• _Stored items_
Lemma two_count_closed : (1 <= n)%N ->
  (#|rel_noncovering (@two_n_lt n)|%:R : rat)
    = ((n%:R - 1) * (3 * n%:R - 4)) / 2.
Proof.
rewrite two_count; case: n => [|[|l]] // _.
  by rewrite !big_ord_recr !big_ord0 /= subrr !mul0r.
have h : (2 * (2 * \sum_(j < l.+2) j.-1 + \sum_(j < l.+2) j)
          = 2 * (l.+1 * l) + l.+2 * l.+1)%N.
  by have := sum_ord_pred l.+2; have := sum_ord l.+2; lia.
rewrite (half_nat h) natrD !natrM.
by rewrite -[l.+2]addn2 -[l.+1]addn1 !natrD; field.
Qed.
End TwoByN.

Local Close Scope ring_scope.

Section Tree.
Variables m n : nat.
Hypothesis m_gt1 : 1 < m.
Local Notation V := (tree_vert m n).
Local Notation cov := (@tree_cover m n).
Local Notation tlt := (@tree_lt m n).

(* Level (depth - 1) and position (index - 1) of a vertex of T_m(n). *)
Definition lev (a : V) : nat := (val a).1.
Definition idx (a : V) : nat := (val a).2.

Lemma m_gt0 : 0 < m. Proof. exact: ltnW. Qed.
Lemma idx_lt a : idx a < m ^ lev a. Proof. exact: valP a. Qed.
Lemma lev_lt a : lev a < n. Proof. exact: ltn_ord. Qed.

Lemma vertE (a b : V) : (a == b) = (lev a == lev b) && (idx a == idx b).
Proof. by rewrite -val_eqE; case: a b => [[i j] ?] [[k l] ?]. Qed.

Lemma coverE (a b : V) : cov a b = ((lev a).+1 == lev b) && (idx b %/ m == idx a).
Proof. by []. Qed.

Lemma cover_path_end s (a : V) : path cov a s ->
  lev (last a s) = lev a + size s /\ idx (last a s) %/ m ^ size s = idx a.
Proof.
elim: s a => [|b s IH] a /=; first by rewrite addn0 expn0 divn1.
case/andP => /andP [/eqP h1 /eqP h2] /IH [e1 e2]; split.
  by rewrite e1; move: h1; rewrite /lev; lia.
by rewrite expnSr divnMA e2 h2.
Qed.

Lemma anc_lev_lt b d : lev b - d < n.
Proof. exact: leq_ltn_trans (leq_subr d _) (lev_lt b). Qed.
Lemma anc_idx_lt b d : idx b %/ m ^ d < m ^ n.-1.
Proof. exact: leq_ltn_trans (leq_div _ _) (ltn_ord _). Qed.
Lemma anc_valid b d : idx b %/ m ^ d < m ^ (lev b - d).
Proof.
rewrite ltn_divLR ?expn_gt0 ?m_gt0 // -expnD; apply: leq_trans (idx_lt b) _.
by rewrite leq_exp2l //; lia.
Qed.

(* The ancestor of b, d levels up (the root if d exceeds the level of b). *)
Definition anc (b : V) (d : nat) : V :=
  exist _ (Ordinal (anc_lev_lt b d), Ordinal (anc_idx_lt b d)) (anc_valid b d).
Definition equiv_at_infty (f g : R -> R) : Prop :=
  forall eps, 0 < eps -> exists A, forall alpha, A < alpha ->
    Rabs (f alpha / g alpha - 1) < eps.

From Stdlib Require Import Reals Lra Psatz Factorial ClassicalEpsilon Classical.
From Coquelicot Require Import Coquelicot.
Open Scope R_scope.

(* Write c = alpha - beta, s = (c + 1) / 2, k = alpha / 6 and w = alpha^(1/3).
   Near 0, sin t / t = exp (- t^2/6 + O(t^4)), so on (0, 1/w] the integrand is
   t^c exp (- k t^2) up to a factor exp (O (1/w)), and the substitution u = k t^2
   turns its integral into Gamma(s) / (2 k^s) minus a Gamma tail of order
   exp (- w/12).  On [1/w, 1] the integrand is at most w exp (- w/8), and on
   [1, oo) at most (9/10)^(alpha - M - 2) / t^2 because |sin t| <= 9t/10 there;
   both are negligible against k^(-s) >= alpha^(-(M+1)/2).  The integrand is even,
   so I = 2 int_0^oo = (6/alpha)^s Gamma(s) (1 + o(1)), with an error bound that
   depends on beta only through M. *)

(** * Improper integrals on the half-line *)

Definition ex_RInt_on_pos (f : R -> R) := forall x y, 0 < x -> x <= y -> ex_RInt f x y.
Definition nonneg_on_pos (f : R -> R) := forall t, 0 < t -> 0 <= f t.

Lemma RInt_split (f : R -> R) a b c :
  ex_RInt f a b -> ex_RInt f b c -> RInt f a c = RInt f a b + RInt f b c.
Proof. intros Hab Hbc. rewrite <- (RInt_Chasles f a b c Hab Hbc). reflexivity. Qed.

Lemma RInt_le_scal (f g : R -> R) K x y : x <= y -> ex_RInt f x y -> ex_RInt g x y ->
  (forall t, x < t < y -> f t <= K * g t) -> RInt f x y <= K * RInt g x y.
Proof.
  intros Hxy Hf Hg H. change (K * RInt g x y) with (scal K (RInt g x y)).
  rewrite <- RInt_scal by exact Hg. apply RInt_le; auto. exact (ex_RInt_scal g x y K Hg).
Qed.

Lemma RInt_ge_scal (f g : R -> R) K x y : x <= y -> ex_RInt f x y -> ex_RInt g x y ->
  (forall t, x < t < y -> K * g t <= f t) -> K * RInt g x y <= RInt f x y.
Proof.
  intros Hxy Hf Hg H. change (K * RInt g x y) with (scal K (RInt g x y)).
  rewrite <- RInt_scal by exact Hg. apply RInt_le; auto. exact (ex_RInt_scal g x y K Hg).
Qed.

Lemma RInt_le_const (f : R -> R) K x y : x <= y -> ex_RInt f x y ->
  (forall t, x < t < y -> f t <= K) -> RInt f x y <= K * (y - x).
Proof.
  intros Hxy Hf H. replace (K * (y - x)) with (RInt (fun _ => K) x y).
  - apply RInt_le; auto. apply ex_RInt_const.
  - rewrite RInt_const. unfold scal; simpl; unfold mult; simpl; ring.
Qed.

Lemma RInt_ge_const (f : R -> R) K x y : x <= y -> ex_RInt f x y ->
  (forall t, x < t < y -> K <= f t) -> K * (y - x) <= RInt f x y.
Proof.
  intros Hxy Hf H. replace (K * (y - x)) with (RInt (fun _ => K) x y).
  - apply RInt_le; auto. apply ex_RInt_const.
  - rewrite RInt_const. unfold scal; simpl; unfold mult; simpl; ring.
Qed.

Section ImproperIntegralPos.

Variable f : R -> R.
Hypothesis f_int : ex_RInt_on_pos f.
Hypothesis f_ge0 : nonneg_on_pos f.

Lemma RInt_le_widen x' x y y' : 0 < x' -> x' <= x -> x <= y -> y <= y' ->
  RInt f x y <= RInt f x' y'.
Proof.
  intros H0 H1 H2 H3.
  rewrite (RInt_split f x' x y'), (RInt_split f x y y'); try (apply f_int; lra).
  assert (0 <= RInt f x' x).
  { apply RInt_ge_0; [lra | apply f_int; lra | intros t Ht; apply f_ge0; lra]. }
  assert (0 <= RInt f y y').
  { apply RInt_ge_0; [lra | apply f_int; lra | intros t Ht; apply f_ge0; lra]. }
  lra.
Qed.

(* The integral is the supremum of the integrals over compact subintervals. *)
Lemma ImpIntRight_of_bounded B :
  (forall x y, 0 < x -> x <= y -> RInt f x y <= B) -> exists L, ImpIntRight f 0 L.
Proof.
  intros HB.
  set (E := fun v => exists x y, 0 < x /\ x <= y /\ v = RInt f x y).
  assert (E_bound : bound E) by (exists B; intros v [x [y [H1 [H2 ->]]]]; auto).
  assert (E_inhabited : exists v, E v) by (exists (RInt f 1 1), 1, 1; repeat split; lra).
  destruct (completeness E E_bound E_inhabited) as [L [L_ub L_least]].
  exists L. split.
  - intros x y Hx Hxy. exists (ex_RInt_Reals_0 _ _ _ (f_int x y Hx Hxy)). exact I.
  - intros eps Heps.
    assert (exists x0 y0, 0 < x0 /\ x0 <= y0 /\ L - eps < RInt f x0 y0) as [x0 [y0 [H1 [H2 H3]]]].
    { apply NNPP. intro Hn. assert (L <= L - eps); [|lra].
      apply L_least. intros v [x [y [Hx [Hxy ->]]]].
      apply Rnot_lt_le. intro Hc. apply Hn. exists x, y. auto. }
    exists x0, y0. split; [lra|].
    intros x y Hx Hxd HyK.
    exists (ex_RInt_Reals_0 _ _ _ (f_int x y Hx ltac:(lra))).
    rewrite <- RInt_Reals.
    assert (RInt f x0 y0 <= RInt f x y) by (apply RInt_le_widen; lra).
    assert (RInt f x y <= L) by (apply L_ub; exists x, y; repeat split; lra).
    apply Rabs_def1; lra.
Qed.

Lemma ImpIntRight_RInt_close L : ImpIntRight f 0 L ->
  forall e, 0 < e -> exists d K, 0 < d /\ forall x y, 0 < x -> x < d -> K < y ->
    Rabs (RInt f x y - L) < e.
Proof.
  intros [_ H] e He. destruct (H e He) as [d [K [Hd H']]].
  exists d, K. split; [exact Hd|]. intros x y Hx Hxd Hy.
  destruct (H' x y Hx ltac:(lra) Hy) as [pr Hpr]. rewrite RInt_Reals with (pr := pr). exact Hpr.
Qed.

Lemma RInt_le_ImpIntRight L : ImpIntRight f 0 L ->
  forall x y, 0 < x -> x <= y -> RInt f x y <= L.
Proof.
  intros HL x y Hx Hxy. apply Rnot_lt_le. intro Hc.
  destruct (ImpIntRight_RInt_close L HL (RInt f x y - L) ltac:(lra)) as [d [K [Hd H]]].
  set (x' := Rmin x (d / 2)). set (y' := Rmax y (K + 1)).
  assert (0 < x') by (unfold x'; apply Rmin_glb_lt; lra).
  assert (x' <= x) by apply Rmin_l. assert (x' < d) by (unfold x'; generalize (Rmin_r x (d / 2)); lra).
  assert (y <= y') by apply Rmax_l. assert (K < y') by (unfold y'; generalize (Rmax_r y (K + 1)); lra).
  specialize (H x' y' ltac:(lra) ltac:(lra) ltac:(lra)).
  assert (RInt f x y <= RInt f x' y') by (apply RInt_le_widen; lra).
  apply Rabs_def2 in H. lra.
Qed.

Lemma ImpIntRight_le L U : ImpIntRight f 0 L ->
  (forall x y, 0 < x -> x <= y -> RInt f x y <= U) -> L <= U.
Proof.
  intros HL HU. apply Rnot_lt_le. intro Hc.
  destruct (ImpIntRight_RInt_close L HL (L - U) ltac:(lra)) as [d [K [Hd H]]].
  set (y := Rmax (K + 1) d).
  assert (K < y) by (unfold y; generalize (Rmax_l (K + 1) d); lra).
  assert (d <= y) by apply Rmax_r.
  specialize (H (d / 2) y ltac:(lra) ltac:(lra) ltac:(lra)).
  specialize (HU (d / 2) y ltac:(lra) ltac:(lra)).
  apply Rabs_def2 in H. lra.
Qed.

End ImproperIntegralPos.

Section EvenFunctions.

Variable f : R -> R.
Hypothesis f_even : forall t, f (- t) = f t.
Hypothesis f_int : ex_RInt_on_pos f.

Lemma is_RInt_even_reflect x y l : is_RInt f (- y) (- x) l -> is_RInt f x y l.
Proof.
  intros H.
  pose proof (is_RInt_comp_lin f (-1) 0 y x l) as Hl.
  replace (-1 * y + 0) with (- y) in Hl by ring.
  replace (-1 * x + 0) with (- x) in Hl by ring.
  apply is_RInt_swap in Hl; [|exact H].
  replace l with (opp (opp l)) by (apply opp_opp).
  eapply is_RInt_ext; [|apply is_RInt_opp; exact Hl].
  intros t _. unfold opp, scal; simpl. unfold mult; simpl.
  replace (-1 * t + 0) with (- t) by ring. rewrite f_even. ring.
Qed.

Lemma ex_RInt_even_neg x y : x <= y -> y < 0 -> ex_RInt f x y.
Proof.
  intros Hxy Hy. destruct (f_int (- y) (- x) ltac:(lra) ltac:(lra)) as [l Hl].
  exists l. apply is_RInt_even_reflect. exact Hl.
Qed.

Lemma RInt_even_reflect x y : 0 < x -> x <= y -> RInt f (- y) (- x) = RInt f x y.
Proof.
  intros Hx Hxy. destruct (f_int x y Hx Hxy) as [l Hl].
  apply is_RInt_unique, is_RInt_even_reflect. rewrite !Ropp_involutive.
  rewrite (is_RInt_unique f x y l Hl). exact Hl.
Qed.

Lemma ImpIntRight_of_ImpIntLeft L : ImpIntLeft f 0 L -> ImpIntRight f 0 L.
Proof.
  intros [_ H]. split.
  - intros x y Hx Hxy. exists (ex_RInt_Reals_0 _ _ _ (f_int x y Hx Hxy)). exact I.
  - intros eps Heps. destruct (H eps Heps) as [d [K [Hd H']]].
    exists d, (Rmax (- K) d). split; [exact Hd|]. intros x y Hx Hxd Hy.
    assert (- K < y) by (generalize (Rmax_l (- K) d); lra).
    assert (d < y) by (generalize (Rmax_r (- K) d); lra).
    destruct (H' (- y) (- x)) as [pr Hpr]; try lra.
    exists (ex_RInt_Reals_0 _ _ _ (f_int x y Hx ltac:(lra))).
    rewrite <- RInt_Reals. rewrite <- RInt_Reals, RInt_even_reflect in Hpr by lra.
    exact Hpr.
Qed.

Lemma ImpIntLeft_of_ImpIntRight L : ImpIntRight f 0 L -> ImpIntLeft f 0 L.
Proof.
  intros [_ H]. split.
  - intros x y Hxy Hy. exists (ex_RInt_Reals_0 _ _ _ (ex_RInt_even_neg x y Hxy Hy)). exact I.
  - intros eps Heps. destruct (H eps Heps) as [d [K [Hd H']]].
    exists d, (Rmin (- K) (- d)). split; [exact Hd|]. intros x y Hy Hyd Hx.
    assert (x < - K) by (generalize (Rmin_l (- K) (- d)); lra).
    assert (x < - d) by (generalize (Rmin_r (- K) (- d)); lra).
    destruct (H' (- y) (- x)) as [pr Hpr]; try lra.
    exists (ex_RInt_Reals_0 _ _ _ (ex_RInt_even_neg x y ltac:(lra) Hy)).
    rewrite <- RInt_Reals. rewrite <- RInt_Reals in Hpr.
    rewrite <- (Ropp_involutive x), <- (Ropp_involutive y), RInt_even_reflect by lra.
    exact Hpr.
Qed.

End EvenFunctions.

Lemma Rpower_pos x y : 0 < Rpower x y.
Proof. apply exp_pos. Qed.

Lemma Rmax_le_inv x y z : Rmax x y <= z -> x <= z /\ y <= z.
Proof. generalize (Rmax_l x y) (Rmax_r x y). lra. Qed.

Lemma exp_le_compat x y : x <= y -> exp x <= exp y.
Proof. intros [H | ->]; [left; apply exp_increasing; exact H | lra]. Qed.

Lemma exp_le_1 x : x <= 0 -> exp x <= 1.
Proof. intros H. rewrite <- exp_0. apply exp_le_compat; exact H. Qed.

Lemma Rpower_exp z a : Rpower (exp z) a = exp (a * z).
Proof. unfold Rpower. rewrite ln_exp. reflexivity. Qed.

Lemma exp_le_1_plus_2x x : 0 <= x <= 1/2 -> exp x <= 1 + 2 * x.
Proof.
  intros Hx. assert (H := exp_ineq1_le (- x)). rewrite exp_Ropp in H.
  assert (0 < exp x) by apply exp_pos.
  assert ((1 - x) * exp x <= 1).
  { apply Rmult_le_compat_r with (r := exp x) in H; [|lra]. rewrite Rinv_l in H by lra. lra. }
  nra.
Qed.

Lemma exp_neg_mul_ge x u v : 0 <= x -> u <= v -> 0 <= v -> u - x * v <= exp (- x) * u.
Proof.
  intros Hx Huv Hv. assert (H := exp_ineq1_le (- x)).
  assert (exp (- x) <= 1) by (apply exp_le_1; lra).
  destruct (Rle_dec 0 u); nra.
Qed.

Lemma pow_le_1 t n : 0 <= t <= 1 -> t ^ n <= 1.
Proof. intros H. rewrite <- (pow1 n). apply pow_incr; lra. Qed.

Lemma Rpower_le_exp q z a : 0 <= a -> 0 < q -> q <= exp z -> Rpower q a <= exp (a * z).
Proof. intros Ha Hq H. rewrite <- Rpower_exp. apply Rle_Rpower_l; auto. Qed.

Lemma exp_le_Rpower q z a : 0 <= a -> exp z <= q -> exp (a * z) <= Rpower q a.
Proof.
  intros Ha H. rewrite <- Rpower_exp. apply Rle_Rpower_l; [exact Ha|].
  split; [apply exp_pos | exact H].
Qed.

Lemma Rpower_le_inv t c : 0 < t <= 1 -> -1 <= c -> Rpower t c <= / t.
Proof.
  intros Ht Hc. unfold Rpower. rewrite <- (exp_ln t) at 2 by lra. rewrite <- exp_Ropp.
  apply exp_le_compat. assert (ln t <= 0) by (rewrite <- ln_1; apply ln_le; lra). nra.
Qed.

Lemma Rpower_m2 t : 0 < t -> Rpower t (-2) = / t^2.
Proof.
  intros H. replace (-2) with (- INR 2) by (simpl; ring).
  rewrite Rpower_Ropp, Rpower_pow by exact H. reflexivity.
Qed.

Lemma nat_above r : exists n : nat, r <= INR n.
Proof. destruct (INR_unbounded r) as [n Hn]. exists n. lra. Qed.

Lemma Rpower_cube w p : 0 < w -> Rpower (w ^ 3) p = Rpower w (3 * p).
Proof.
  intros Hw. replace (w ^ 3) with (Rpower w (INR 3)) by (apply Rpower_pow; exact Hw).
  rewrite Rpower_mult. simpl INR. f_equal. ring.
Qed.

Lemma Rpower_third_cube x : 0 < x -> Rpower x (/ 3) ^ 3 = x.
Proof.
  intros Hx. rewrite <- Rpower_pow by apply Rpower_pos. rewrite Rpower_mult. simpl INR.
  replace (/ 3 * (1 + 1 + 1)) with 1 by field. apply Rpower_1; exact Hx.
Qed.

Lemma Rpower_six_div a s : 0 < a -> Rpower (6 / a) s = 2 * (/ (2 * Rpower (a / 6) s)).
Proof.
  intros Ha. replace (6 / a) with (/ (a / 6)) by (field; lra).
  unfold Rpower. rewrite ln_Rinv by lra. rewrite Rinv_mult, <- exp_Ropp.
  field_simplify. f_equal. ring.
Qed.

Lemma powR_pos x y : 0 < x -> powR x y = Rpower x y.
Proof. intros H. unfold powR. destruct (Rle_dec x 0); [lra | reflexivity]. Qed.

Lemma powR_nonpos x y : x <= 0 -> powR x y = 0.
Proof. intros H. unfold powR. destruct (Rle_dec x 0); [reflexivity | lra]. Qed.

Lemma powR_ge0 x y : 0 <= powR x y.
Proof. unfold powR. destruct (Rle_dec x 0); [lra | left; apply Rpower_pos]. Qed.

Lemma continuity_pt_Rpower a y : 0 < y -> continuity_pt (fun x => Rpower x a) y.
Proof.
  intros Hy. apply derivable_continuous_pt. exists (a * Rpower y (a - 1)).
  apply derivable_pt_lim_power; exact Hy.
Qed.
Lemma dist_avg_gt0 p F : dist p -> (forall u, 0 < F u) ->
  0 < \sum_u p u * F u.
Proof.
move=> [p_ge0 p_sum1] F_gt0.
have terms_ge0 u : 0 <= p u * F u by rewrite mulr_ge0 // ltW.
rewrite lt_def sumr_ge0 // andbT psumr_neq0 //.
have : \sum_u p u != 0 by rewrite p_sum1 oner_neq0.
rewrite psumr_neq0 // => /hasP[u _ p_gt0].
by apply/hasP; exists u; rewrite ?mem_index_enum ?mulr_gt0.
Qed.

Lemma sum_gt0_of_avg_gt0 w F : (forall u, 0 <= w u) ->
  0 < \sum_u w u * F u -> 0 < \sum_u w u.
Proof.
move=> w_ge0 avg_gt0; rewrite lt_def sumr_ge0 // andbT.
apply: contraTneq avg_gt0 => w_sum0.
have w0 := psumr_eq0P (fun u _ => w_ge0 u) w_sum0.
by rewrite big1 ?ltxx // => u _; rewrite w0 ?mul0r.
Qed.

Definition normalize w : U -> R := fun u => w u / \sum_v w v.

Lemma normalize_dist w : (forall u, 0 <= w u) -> 0 < \sum_u w u ->
  dist (normalize w).
Proof.
move=> w_ge0 w_sum_gt0; split=> [u|]; first by rewrite divr_ge0 // ltW.
by rewrite -mulr_suml divff ?gt_eqF.
Qed.

Lemma sum_normalizeM w F :
  \sum_u normalize w u * F u = (\sum_u w u * F u) / \sum_u w u.
Proof. by rewrite mulr_suml; apply: eq_bigr => u _; rewrite mulrAC. Qed.

End Distributions.

(** * Ville's theorem of the alternative *)

Lemma fm_multiplier (R : realFieldType) (Y : finType) (a b : Y -> R) :
  (forall y, 0 <= a y -> b y <= 0) ->
  (forall y y', 0 < a y -> a y' < 0 -> a y * b y' <= a y' * b y) ->
  exists2 t, 0 <= t & forall y, b y + t * a y <= 0.
Proof.
move=> b_le0 b_pair; pose t := \big[Num.max/0]_(y | a y < 0) (b y / - a y).
exists t => [|y]; first exact: bigmax_ge_id.
case: (ltgtP (a y) 0) => ay.
- have : b y / - a y <= t by exact: le_bigmax_cond.
  rewrite ler_pdivrMr ?oppr_gt0 //; lra.
- have : t <= - b y / a y.
    apply: bigmax_le => [|y' ay'].
      by rewrite divr_ge0 ?oppr_ge0 ?b_le0 ?ltW.
    rewrite ler_pdivrMr ?oppr_gt0 // mulrAC ler_pdivlMr //.
    have := b_pair y y' ay ay'; lra.
  rewrite ler_pdivlMr //; lra.
- by rewrite ay mulr0 addr0 b_le0 // ay.
Qed.

Lemma exists_scale_gt0 (R : realFieldType) (X : finType) (T : {set X})
    (s m : X -> R) :
  (forall x, x \in T -> 0 < s x) ->
  exists2 c, 0 <= c & forall x, x \in T -> 0 < c * s x + m x.
Proof.
move=> s_gt0; pose c := \big[Num.max/0]_(x in T) ((1 - m x) / s x).
exists c => [|x xT]; first exact: bigmax_ge_id.
have : (1 - m x) / s x <= c by exact: le_bigmax_cond.
rewrite ler_pdivrMr ?s_gt0 //; lra.
Qed.

Definition strict_solution (R : realFieldType) (X Y : finType) (S : {set X})
    (M : X -> Y -> R) (q : Y -> R) :=
  (forall y, 0 <= q y) /\ forall x, x \in S -> 0 < \sum_y q y * M x y.

Definition dual_certificate (R : realFieldType) (X Y : finType) (S : {set X})
    (M : X -> Y -> R) (p : X -> R) :=
  [/\ forall x, 0 <= p x, forall x, x \notin S -> p x = 0, 0 < \sum_x p x
    & forall y, \sum_x p x * M x y <= 0].

Section FourierMotzkin.
Variables (R : realFieldType) (X Y : finType) (M : X -> Y -> R) (x0 : X).

(* Fourier-Motzkin elimination of row [x0]: the new columns are the columns
   [y] with [M x0 y >= 0] and, whenever [M x0 y > 0 > M x0 y'], the
   nonnegative combination of columns [y] and [y'] vanishing on row [x0];
   the other indices give zero columns. *)
Definition fm_comb (k : Y + Y * Y) (s : Y -> R) : R :=
  match k with
  | inl y => (0 <= M x0 y)%R%:R * s y
  | inr (y, y') =>
      ((0 < M x0 y) && (M x0 y' < 0))%R%:R * (M x0 y * s y' - M x0 y' * s y)
  end.

Definition fm_mx (x : X) (k : Y + Y * Y) : R := fm_comb k (M x).

Definition fm_col (k : Y + Y * Y) (z : Y) : R := fm_comb k (dirac^~ z).
Lemma lin_sum U W (f : U -> W) (I : Type) (s : seq I) (F : I -> U) :
  lin f -> f (\sum_(i <- s) F i) = \sum_(i <- s) f (F i).
Proof.
move=> Hf; elim: s => [|i s IHs]; first by rewrite !big_nil (lin0 Hf).
by rewrite !big_cons (linD Hf) IHs.
Qed.

Lemma lin_id U : lin (fun u : U => u).
Proof. by []. Qed.

Lemma lin_comp U V W (f : V -> W) (g : U -> V) :
  lin f -> lin g -> lin (fun u => f (g u)).
Proof. by move=> Hf Hg k u v; rewrite Hg Hf. Qed.

Lemma lin_compl U V X W (h : V -> X -> W) (g : U -> V) (x : X) :
  lin (h^~ x) -> lin g -> lin (fun u => h (g u) x).
Proof. by move=> Hh Hg k u v; rewrite Hg Hh. Qed.

Lemma lin_add U W (f g : U -> W) : lin f -> lin g -> lin (fun u => f u + g u).
Proof. by move=> Hf Hg k u v; rewrite Hf Hg scalerDr addrACA. Qed.

Lemma lin_sub U W (f g : U -> W) : lin f -> lin g -> lin (fun u => f u - g u).
Proof. by move=> Hf Hg k u v; rewrite Hf Hg scalerBr opprD addrACA. Qed.

Lemma lin_scale U W (c : K) (f : U -> W) : lin f -> lin (fun u => c *: f u).
Proof. by move=> Hf k u v; rewrite Hf scalerDr !scalerA mulrC. Qed.

End LinearMaps.

Create HintDb lin.
#[export] Hint Resolve lin_id : lin.

Ltac linearity := repeat first
  [ assumption | solve [eauto with lin] | apply: lin_sub | apply: lin_add
  | apply: lin_scale
  | lazymatch goal with |- lin (fun _ => _) => first [apply: lin_compl | apply: lin_comp] end ].


Section Separation.
Variables (K : fieldType) (V : lmodType K).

• _What you are asked to do_
Give the number of lines in the data that include the string "EvenFunctions", please, and nothing else.

• _Result of this task_
2